Exercise objective:
Retype all the data word for word.

Exercise input:

(* Let $P,Q$ be probability measures, $X\sim P$, and suppose $\mathbb{P}[\imath_{P\|Q}(X)=x]=0$ for every $x\in\mathbb{R}$. Then: (a) $\gamma\mapsto E_\gamma(P\|Q)$ is continuously differentiable on $(1,\infty)$ with derivative $E'_\gamma(P\|Q)\le 0$; (b) for all $\gamma>1$, $$\mathbb{F}_{P\|Q}(\log\gamma) = 1-E_\gamma(P\|Q)+\gamma E'_\gamma(P\|Q),\qquad \mathbb{F}_{P\|Q}(-\log\gamma) = -E'_\gamma(Q\|P),$$ and $\mathbb{F}_{P\|Q}(0) = 1-E_1(P\|Q)+\lim_{\gamma\downarrow1}E'_\gamma(P\|Q) = -\lim_{\gamma\downarrow1}E'_\gamma(Q\|P)$; (c) consequently, the family $\{E_\gamma(P\|Q):\gamma\ge1\}$ determines $\mathbb{F}_{P\|Q}$ on $[0,\infty)$, and the family $\{E_\gamma(Q\|P):\gamma>1\}$ determines $\mathbb{F}_{P\|Q}$ on $(-\infty,0)$.
   Context: $\log$ is to a fixed base $b>1$. For densities $p,q$ of $P,Q$ w.r.t. a dominating measure $\mu$, $\imath_{P\|Q}:=\log p-\log q$ (in $[-\infty,\infty]$), $\mathbb{F}_{P\|Q}(x):=\mathbb{P}[\imath_{P\|Q}(X)\le x]$ with $X\sim P$. For $\gamma\ge1$, $E_\gamma(P\|Q):=\sup_U\bigl(P(U)-\gamma Q(U)\bigr)=\int(p-\gamma q)^+\,\mathrm{d}\mu$. *)

From HB Require Import structures.
From mathcomp Require Import all_boot all_order all_algebra.
From mathcomp Require Import all_classical all_reals all_analysis.
Set Implicit Arguments. Unset Strict Implicit. Unset Printing Implicit Defensive.
Import Order.TTheory GRing.Theory Num.Theory.
Import numFieldNormedType.Exports.
Local Open Scope classical_set_scope.
Local Open Scope ring_scope.

Definition logb {R : realType} (b x : R) : R := ln x / ln b.

Definition is_density {R : realType} {d} {T : measurableType d}
  (mu : {measure set T -> \bar R}) (P : set T -> \bar R) (p : T -> R) : Prop :=
  measurable_fun setT p /\ (forall t, 0 <= p t) /\
  (forall A, measurable A -> P A = (\int[mu]_(t in A) (p t)%:E)%E).

(* information density  i_{P||Q} = log p - log q  in [-oo, +oo]
   (the value where p = q = 0 is irrelevant: that set is P- and Q-null) *)
Definition infodens {R : realType} {T : Type} (b : R) (p q : T -> R) (t : T)
  : \bar R :=
  if p t == 0 then (if q t == 0 then 0%E else -oo%E)
  else if q t == 0 then +oo%E
  else (logb b (p t) - logb b (q t))%:E.

Definition relcdf {R : realType} {d} {T : measurableType d}
  (P : set T -> \bar R) (b : R) (p q : T -> R) (x : R) : R :=
  fine (P [set t | (infodens b p q t <= x%:E)%E]).

Definition Egamma {R : realType} {d} {T : measurableType d}
  (P Q : set T -> \bar R) (g : R) : R :=
  fine (ereal_sup [set (P U - g%:E * Q U)%E | U in measurable]).

Definition no_atoms {R : realType} {d} {T : measurableType d}
  (P : set T -> \bar R) (b : R) (p q : T -> R) : Prop :=
  forall x : R, P [set t | infodens b p q t = x%:E] = 0%E.

From mathcomp Require Import all_boot all_order all_algebra.
From mathcomp Require Import all_classical all_reals all_analysis.
From mathcomp Require Import measurable_realfun lra.
Set Implicit Arguments. Unset Strict Implicit. Unset Printing Implicit Defensive.
Import Order.TTheory GRing.Theory Num.Theory.
Import numFieldNormedType.Exports.
Local Open Scope classical_set_scope.
Local Open Scope ring_scope.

Output for this exercise:
(* Let $P,Q$ be probability measures, $X\sim P$, and suppose $\mathbb{P}[\imath_{P\|Q}(X)=x]=0$ for every $x\in\mathbb{R}$. Then: (a) $\gamma\mapsto E_\gamma(P\|Q)$ is continuously differentiable on $(1,\infty)$ with derivative $E'_\gamma(P\|Q)\le 0$; (b) for all $\gamma>1$, $$\mathbb{F}_{P\|Q}(\log\gamma) = 1-E_\gamma(P\|Q)+\gamma E'_\gamma(P\|Q),\qquad \mathbb{F}_{P\|Q}(-\log\gamma) = -E'_\gamma(Q\|P),$$ and $\mathbb{F}_{P\|Q}(0) = 1-E_1(P\|Q)+\lim_{\gamma\downarrow1}E'_\gamma(P\|Q) = -\lim_{\gamma\downarrow1}E'_\gamma(Q\|P)$; (c) consequently, the family $\{E_\gamma(P\|Q):\gamma\ge1\}$ determines $\mathbb{F}_{P\|Q}$ on $[0,\infty)$, and the family $\{E_\gamma(Q\|P):\gamma>1\}$ determines $\mathbb{F}_{P\|Q}$ on $(-\infty,0)$.
   Context: $\log$ is to a fixed base $b>1$. For densities $p,q$ of $P,Q$ w.r.t. a dominating measure $\mu$, $\imath_{P\|Q}:=\log p-\log q$ (in $[-\infty,\infty]$), $\mathbb{F}_{P\|Q}(x):=\mathbb{P}[\imath_{P\|Q}(X)\le x]$ with $X\sim P$. For $\gamma\ge1$, $E_\gamma(P\|Q):=\sup_U\bigl(P(U)-\gamma Q(U)\bigr)=\int(p-\gamma q)^+\,\mathrm{d}\mu$. *)

From HB Require Import structures.
From mathcomp Require Import all_boot all_order all_algebra.
From mathcomp Require Import all_classical all_reals all_analysis.
Set Implicit Arguments. Unset Strict Implicit. Unset Printing Implicit Defensive.
Import Order.TTheory GRing.Theory Num.Theory.
Import numFieldNormedType.Exports.
Local Open Scope classical_set_scope.
Local Open Scope ring_scope.

Definition logb {R : realType} (b x : R) : R := ln x / ln b.

Definition is_density {R : realType} {d} {T : measurableType d}
  (mu : {measure set T -> \bar R}) (P : set T -> \bar R) (p : T -> R) : Prop :=
  measurable_fun setT p /\ (forall t, 0 <= p t) /\
  (forall A, measurable A -> P A = (\int[mu]_(t in A) (p t)%:E)%E).

(* information density  i_{P||Q} = log p - log q  in [-oo, +oo]
   (the value where p = q = 0 is irrelevant: that set is P- and Q-null) *)
Definition infodens {R : realType} {T : Type} (b : R) (p q : T -> R) (t : T)
  : \bar R :=
  if p t == 0 then (if q t == 0 then 0%E else -oo%E)
  else if q t == 0 then +oo%E
  else (logb b (p t) - logb b (q t))%:E.

Definition relcdf {R : realType} {d} {T : measurableType d}
  (P : set T -> \bar R) (b : R) (p q : T -> R) (x : R) : R :=
  fine (P [set t | (infodens b p q t <= x%:E)%E]).

Definition Egamma {R : realType} {d} {T : measurableType d}
  (P Q : set T -> \bar R) (g : R) : R :=
  fine (ereal_sup [set (P U - g%:E * Q U)%E | U in measurable]).

Definition no_atoms {R : realType} {d} {T : measurableType d}
  (P : set T -> \bar R) (b : R) (p q : T -> R) : Prop :=
  forall x : R, P [set t | infodens b p q t = x%:E] = 0%E.

From mathcomp Require Import all_boot all_order all_algebra.
From mathcomp Require Import all_classical all_reals all_analysis.
From mathcomp Require Import measurable_realfun lra.
Set Implicit Arguments. Unset Strict Implicit. Unset Printing Implicit Defensive.
Import Order.TTheory GRing.Theory Num.Theory.
Import numFieldNormedType.Exports.
Local Open Scope classical_set_scope.
Local Open Scope ring_scope.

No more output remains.